We all have our own fears, whether they are little or big it is personal to us. Sometimes other people won't understand our fears, and maybe you guys won't understand mine but I wanted to share this with you.
I wasn't planning on doing this post today as I had another in mind but I felt that post could wait and this one should be shared whilst I'm in the moment. One of my fears, as silly as it may sound, is getting the courage to go on a jog/run/walk alone. Since finishing university a week ago I made sure it would be my goal to get fit and healthy as I put one some weight in the last few weeks, maybe even months. This was obviously due to the stresses of the work load, and not to mention the divides within our group and seeing people's true colours (don't get me started!). Not only was it that, it was also money problems. My course, Fashion and Textile Design, is such an expensive course and I am so good with money, but I ended up not being able to afford to go to uni despite living at home and not paying rent.
Anyway, all of that amounted to me eating more, apparently, so I said to myself that as soon as I finish uni I will get fit and healthy and just feel more comfortable in my skin. Obviously this is where the jogging alone comes in. If I had a big enough garden would honestly just to laps just to avoid going out and for people I know to see me without make-up, looking a mess. I don't know what it is but it just freaks me out! Me and my friend have been going jogging on and off the last couple of months once a week, and that's fine because I'm not alone, but for some reason when I'm on my own I just get panicy and worried and scared! Which is completely silly I know, I just can't help it.
But, today I was having a crappy day and feeling really lousy, all the past stresses from uni life catching up on me now that I finally have free time to myself to do whatever I want, and I finally decided enough was enough and I needed to get out of the house. I was already in my gym gear from working out in the morning and therefore I had no excuse but to go for a jog, whether it was for 15 minutes or an hour I didn't care I just had to get out!
Now as you can see I didn't go completely alone, I took my dog with me but I felt so proud just to be out doing this for myself. I was out jogging/walking for just over an hour completing 5.5km and burning 397 calories (thanks to the Runtastic app!). I also managed to clear my head slightly which was half the reason for me taking this step. I am so privileged to live near the sea as I find it is the perfect way to collect your thoughts and clear your mind.

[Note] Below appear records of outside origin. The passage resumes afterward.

Lemma step_tren_inv : forall t f w, step (tren f t) w -> exists u, w = tren f u /\ step t u.
Proof.
  induction t as [n|C|t IH|t1 IH1 t2 IH2|t IH|t IH Y]; intros f w H; simpl in H;
    inversion H as [a b Ea|a Y' Ea|a a' Ha|a a' b Ha|a b b' Ha|a a' Ha|a a' Y' Ha]; subst.
  - destruct (IH _ _ Ha) as [u [-> Hu]]. exists (Lam u); split; [reflexivity | constructor; auto].
  - destruct t1; try discriminate. injection Ea as ->.
    exists (subst1 t2 t1). split; [symmetry; apply tren_subst1 | constructor].
  - destruct (IH1 _ _ Ha) as [u [-> Hu]]. exists (App u t2); split; [reflexivity | constructor; auto].
  - destruct (IH2 _ _ Ha) as [u [-> Hu]]. exists (App t1 u); split; [reflexivity | constructor; auto].
  - destruct (IH _ _ Ha) as [u [-> Hu]]. exists (TLam u); split; [reflexivity | constructor; auto].
  - destruct t; try discriminate. injection Ea as ->.
    exists (tinst Y t). split; [symmetry; apply tren_tinst | constructor].
  - destruct (IH _ _ Ha) as [u [-> Hu]]. exists (TApp u Y); split; [reflexivity | constructor; auto].
Qed.

Lemma red_trans : forall a b c, red a b -> red b c -> red a c.
Proof. induction 1; intros; auto. econstructor; eauto. Qed.

Lemma red_one : forall a b, step a b -> red a b.
Proof. intros. econstructor; eauto. constructor. Qed.

Lemma red_cong : forall F : term -> term, (forall a b, step a b -> step (F a) (F b)) ->
  forall a b, red a b -> red (F a) (F b).
Proof. intros F HF; induction 1; [constructor | econstructor; eauto]. Qed.

Lemma red_lam : forall a b, red a b -> red (Lam a) (Lam b).
Proof. apply red_cong. intros; constructor; auto. Qed.

Lemma red_tlam : forall a b, red a b -> red (TLam a) (TLam b).
Proof. apply red_cong. intros; constructor; auto. Qed.

Lemma red_appl : forall s a b, red a b -> red (App a s) (App b s).
Proof. intros s; apply (red_cong (fun x => App x s)). intros; constructor; auto. Qed.

Lemma red_appr : forall s a b, red a b -> red (App s a) (App s b).
Proof. intros s; apply (red_cong (App s)). intros; constructor; auto. Qed.

Lemma red_tapp : forall Y a b, red a b -> red (TApp a Y) (TApp b Y).
Proof. intros Y; apply (red_cong (fun x => TApp x Y)). intros; constructor; auto. Qed.

Lemma red_vren : forall g a b, red a b -> red (vren g a) (vren g b).
Proof. intros g; apply red_cong. intros; apply step_vren; auto. Qed.

Lemma red_tren : forall f a b, red a b -> red (tren f a) (tren f b).
Proof. intros f; apply red_cong. intros; apply step_tren; auto. Qed.

Lemma red_lam_inv : forall a s, red (Lam a) s -> exists b, s = Lam b /\ red a b.
Proof.
  intros a s H. remember (Lam a) as x eqn:Hx. revert a Hx.
  induction H; intros a ->.
  - exists a; split; [reflexivity | constructor].
  - inversion H; subst. destruct (IHred t' eq_refl) as [b [-> Hb]].
    exists b; split; [reflexivity | econstructor; eauto].
Qed.

Lemma normal_vren : forall t g, normal (vren g t) <-> normal t.
Proof.
  induction t as [n|C|t IH|t1 IH1 t2 IH2|t IH|t IH Y]; intros g; simpl; try tauto; try apply IH.
  - rewrite IH1, IH2. destruct t1; simpl; tauto.
  - rewrite IH. destruct t; simpl; tauto.
Qed.

Lemma normal_tren : forall t f, normal (tren f t) <-> normal t.
Proof.
  induction t as [n|C|t IH|t1 IH1 t2 IH2|t IH|t IH Y]; intros f; simpl; try tauto; try apply IH.
  - rewrite IH1, IH2. destruct t1; simpl; tauto.
  - rewrite IH. destruct t; simpl; tauto.
Qed.

Lemma vars_below_vren : forall t k k' g, vars_below k t ->
  (forall n, n < k -> g n < k') -> vars_below k' (vren g t).
Proof.
  induction t as [n|C|t IH|t1 IH1 t2 IH2|t IH|t IH Y]; intros k k' g H Hg; simpl in *; auto.
  - apply (IH (S k)); auto. intros [|n] Hn; simpl; [lia|]. specialize (Hg n). lia.
  - destruct H; split; eauto.
  - eauto.
  - eauto.
Qed.

Lemma vars_below_tren : forall t k f, vars_below k (tren f t) <-> vars_below k t.
Proof.
  induction t as [n|C|t IH|t1 IH1 t2 IH2|t IH|t IH Y]; intros k f; simpl in *;
    try tauto; try apply IH.
  rewrite IH1, IH2; tauto.
Qed.

Lemma vars_below_subst : forall t k k' s, vars_below k t ->
  (forall n, n < k -> vars_below k' (s n)) -> vars_below k' (subst s t).
Proof.
  induction t as [n|C|t IH|t1 IH1 t2 IH2|t IH|t IH Y]; intros k k' s H Hs; simpl in *; auto.
  - apply (IH (S k)); auto. intros [|n] Hn; simpl; [lia|].
    apply vars_below_vren with k'; [apply Hs; lia | intros; lia].
  - destruct H; split; eauto.
  - apply (IH k); auto. intros n Hn. apply vars_below_tren. auto.
  - eauto.
Qed.

Lemma step_vars_below : forall t t', step t t' -> forall k, vars_below k t -> vars_below k t'.
Proof.
  induction 1; intros k Hk; simpl in *; try tauto; auto.
  - destruct Hk as [H1 H2]. apply (vars_below_subst _ (S k)); auto.
    intros [|n] Hn; simpl; auto. lia.
  - apply vars_below_tren. auto.
  - destruct Hk; split; eauto.
  - destruct Hk; split; eauto.
Qed.

Lemma red_vars_below : forall t t', red t t' -> forall k, vars_below k t -> vars_below k t'.
Proof. induction 1; intros; eauto using step_vars_below. Qed.

Lemma proof_term_at_vren : forall base t k g,
  proof_term_at base k t -> proof_term_at base k (vren g t).
Proof.
  induction t as [n|C|t IH|t1 IH1 t2 IH2|t IH|t IH Y]; intros k g H; simpl in *; auto.
  destruct H; split; eauto.
Qed.

Lemma proof_term_at_tren : forall base t k k' f, proof_term_at base k t ->
  (forall i, k <= i -> k' <= f i /\ f i - k' = i - k) -> proof_term_at base k' (tren f t).
Proof.
  induction t as [n|C|t IH|t1 IH1 t2 IH2|t IH|t IH Y]; intros k k' f H Hf; simpl in *; auto.
  - destruct C as [i| |]; simpl in *; try tauto. destruct H as [H1 H2].
    destruct (Hf i H1) as [H3 H4]. split; auto. rewrite H4; auto.
  - eauto.
  - destruct H; split; eauto.
  - apply (IH (S k)); auto. intros [|i] Hi; [lia|]. simpl.
    destruct (Hf i) as [H1 H2]; lia.
  - eauto.
Qed.

Lemma proof_term_at_subst : forall base t k s, proof_term_at base k t ->
  (forall n, proof_term_at base k (s n)) -> proof_term_at base k (subst s t).
Proof.
  induction t as [n|C|t IH|t1 IH1 t2 IH2|t IH|t IH Y]; intros k s H Hs; simpl in *; auto.
  - apply IH; auto. intros [|n]; simpl; auto. apply proof_term_at_vren; auto.
  - destruct H; split; eauto.
  - apply IH; auto. intros n. apply (proof_term_at_tren _ _ k); auto. intros; lia.
Qed.

Lemma step_proof_term_at : forall base t t', step t t' ->
  forall k, proof_term_at base k t -> proof_term_at base k t'.
Proof.
  induction 1; intros k Hk; simpl in *; try tauto; auto.
  - destruct Hk as [H1 H2]. apply proof_term_at_subst; auto. intros [|n]; simpl; auto.
  - apply (proof_term_at_tren _ _ (S k)); auto. intros [|i] Hi; [lia|]. simpl. lia.
  - destruct Hk; split; eauto.
  - destruct Hk; split; eauto.
Qed.

Lemma red_proof_term_at : forall base t t', red t t' ->
  forall k, proof_term_at base k t -> proof_term_at base k t'.
Proof. induction 1; intros; eauto using step_proof_term_at. Qed.

Lemma typed_tren : forall G t A, typed G t A ->
  forall f, typed (map (fren f) G) (tren f t) (fren f A).
Proof.
  induction 1; intros f; simpl.
  - constructor. apply map_nth_error. auto.
  - constructor.
  - constructor. apply (IHtyped f).
  - econstructor; [apply (IHtyped1 f) | apply IHtyped2].
  - constructor.
    replace (map (fren S) (map (fren f) G)) with (map (fren (upr f)) (map (fren S) G)).
    + apply IHtyped.
    + rewrite !map_map. apply map_ext. intros a. rewrite !fren_comp. reflexivity.
  - rewrite fren_finst. constructor. apply (IHtyped f).
Qed.

Lemma typed_vren_inv : forall t G' g T, typed G' (vren g t) T ->
  forall G, (forall i, nth_error G' (g i) = nth_error G i) -> typed G t T.
Proof.
  induction t as [n|C|t IH|t1 IH1 t2 IH2|t IH|t IH Y]; intros G' g T H G HG; simpl in H;
    inversion H; subst.
  - constructor. rewrite <- HG. auto.
  - constructor.
  - constructor. eapply IH; eauto. intros [|i]; simpl; auto.
  - econstructor; eauto.
  - constructor. eapply IH; eauto. intros i. rewrite !nth_error_map, HG. reflexivity.
  - constructor. eapply IH; eauto.
Qed.

Inductive spine : term -> Prop :=
| spine_var n : spine (Var n)
| spine_app p a : spine p -> spine (App p a)
| spine_tapp p Y : spine p -> spine (TApp p Y).

Lemma spine_typed_unique : forall p, spine p ->
  forall G T1 T2, typed G p T1 -> typed G p T2 -> T1 = T2.
Proof.
  induction 1 as [n|p a _ IH|p Y _ IH]; intros G T1 T2 H1 H2.
  - inversion H1; inversion H2; congruence.
  - inversion H1 as [| | |? ? ? A1 ? Hp1 _| |]; inversion H2 as [| | |? ? ? A2 ? Hp2 _| |].
    specialize (IH _ _ _ Hp1 Hp2). congruence.
  - inversion H1 as [| | | | |? ? B1 ? Hp1]; inversion H2 as [| | | | |? ? B2 ? Hp2].
    specialize (IH _ _ _ Hp1 Hp2). congruence.
Qed.

Lemma spine_vren_inv : forall p g, spine (vren g p) -> spine p.
Proof. induction p; intros g H; simpl in H; inversion H; subst; constructor; eauto. Qed.

Lemma spine_tren : forall p f, spine p -> spine (tren f p).
Proof. induction 1; simpl; constructor; auto. Qed.

Lemma spine_tren_inv : forall p f, spine (tren f p) -> spine p.
Proof.
  induction p as [n|C|t IH|t1 IH1 t2 IH2|t IH|t IH Y]; intros f H; simpl in H;
    inversion H; subst; constructor; eauto.
Qed.

Lemma spine_step : forall p p', step p p' -> spine p -> spine p'.
Proof.
  induction 1; intros Hp; inversion Hp; subst; try constructor; auto.
  all: match goal with Hx : spine (_ _) |- _ => inversion Hx end.
Qed.

Lemma typed_app_shift_inv : forall G A p T,
  typed (A :: G) (App (vren S p) (Var 0)) T -> typed G p (Imp A T).
Proof.
  intros G A p T H. inversion H; subst.
  match goal with Hx : typed _ (Var 0) _ |- _ => inversion Hx; subst end.
  match goal with Hx : nth_error _ 0 = _ |- _ => simpl in Hx; injection Hx as -> end.
  eapply typed_vren_inv; [eassumption|]. reflexivity.
Qed.

(* [p] gets a type by renaming back along [pred]; as a spine has at most one
   type, shifting that type recovers the one found for [tren S p]. *)
Lemma typed_tapp_shift_inv : forall G p T, spine p ->
  typed (map (fren S) G) (TApp (tren S p) 0) T -> typed G p (All T).
Proof.
  intros G p T Hsp H. inversion H as [| | | | |? ? T' ? Hp]; subst.
  assert (Hpred : typed G p (fren pred (All T'))).
  { replace G with (map (fren pred) (map (fren S) G)).
    - replace p with (tren pred (tren S p)) by
        (rewrite tren_comp; apply tren_id).
      apply typed_tren. exact Hp.
    - rewrite map_map. rewrite <- (map_id G) at 2. apply map_ext. intros a.
      rewrite fren_comp. apply fren_id. }
  assert (E : All T' = fren S (fren pred (All T'))).
  { apply (spine_typed_unique (tren S p) (spine_tren _ _ Hsp) _ _ _ Hp).
    apply typed_tren. exact Hpred. }
  simpl in Hpred, E. injection E as E.
  replace (finst 0 T') with (fren (upr pred) T'); auto.
  rewrite E at 2. unfold finst. rewrite !fren_comp. apply fren_ext. intros [|n]; reflexivity.
Qed.

(** * Eta-expansion *)

Fixpoint eta (E : form) (n : term) : term :=
  match E with
  | FVar _ => n
  | Imp _ E' => Lam (eta E' (App (vren S n) (Var 0)))
  | All E' => TLam (eta E' (TApp (tren S n) 0))
  end.

Lemma vren_eta : forall E n g, vren g (eta E n) = eta E (vren g n).
Proof.
  induction E as [x|E1 IHE1 E2 IHE2|E IHE]; intros n g; simpl; auto.
  - rewrite IHE2. simpl. rewrite !vren_comp. reflexivity.
  - rewrite IHE. simpl. rewrite vren_tren. reflexivity.
Qed.

Lemma tren_eta : forall E n f, tren f (eta E n) = eta E (tren f n).
Proof.
  induction E as [x|E1 IHE1 E2 IHE2|E IHE]; intros n f; simpl; auto.
  - rewrite IHE2. simpl. rewrite vren_tren. reflexivity.
  - rewrite IHE. simpl. rewrite !tren_comp. reflexivity.
Qed.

Anyway, after all of this rambling about my little fear (well done if you've managed to get through it all!), I feel like next time I might be able to go it alone and keep it up as well! I really hope this isn't a one off, I just need to find it in me to make myself go again, because at the end of the day I will be getting fit and overcoming a fear. It's a bit like what Zoella has being saying recently, 'just say yes' and you never know where life will take you!
Have you got any little fears you want to, or maybe have, overcome? Have you got any tips for motivating myself to go for a run or any other running apps I can check out? I'd love to try them! :)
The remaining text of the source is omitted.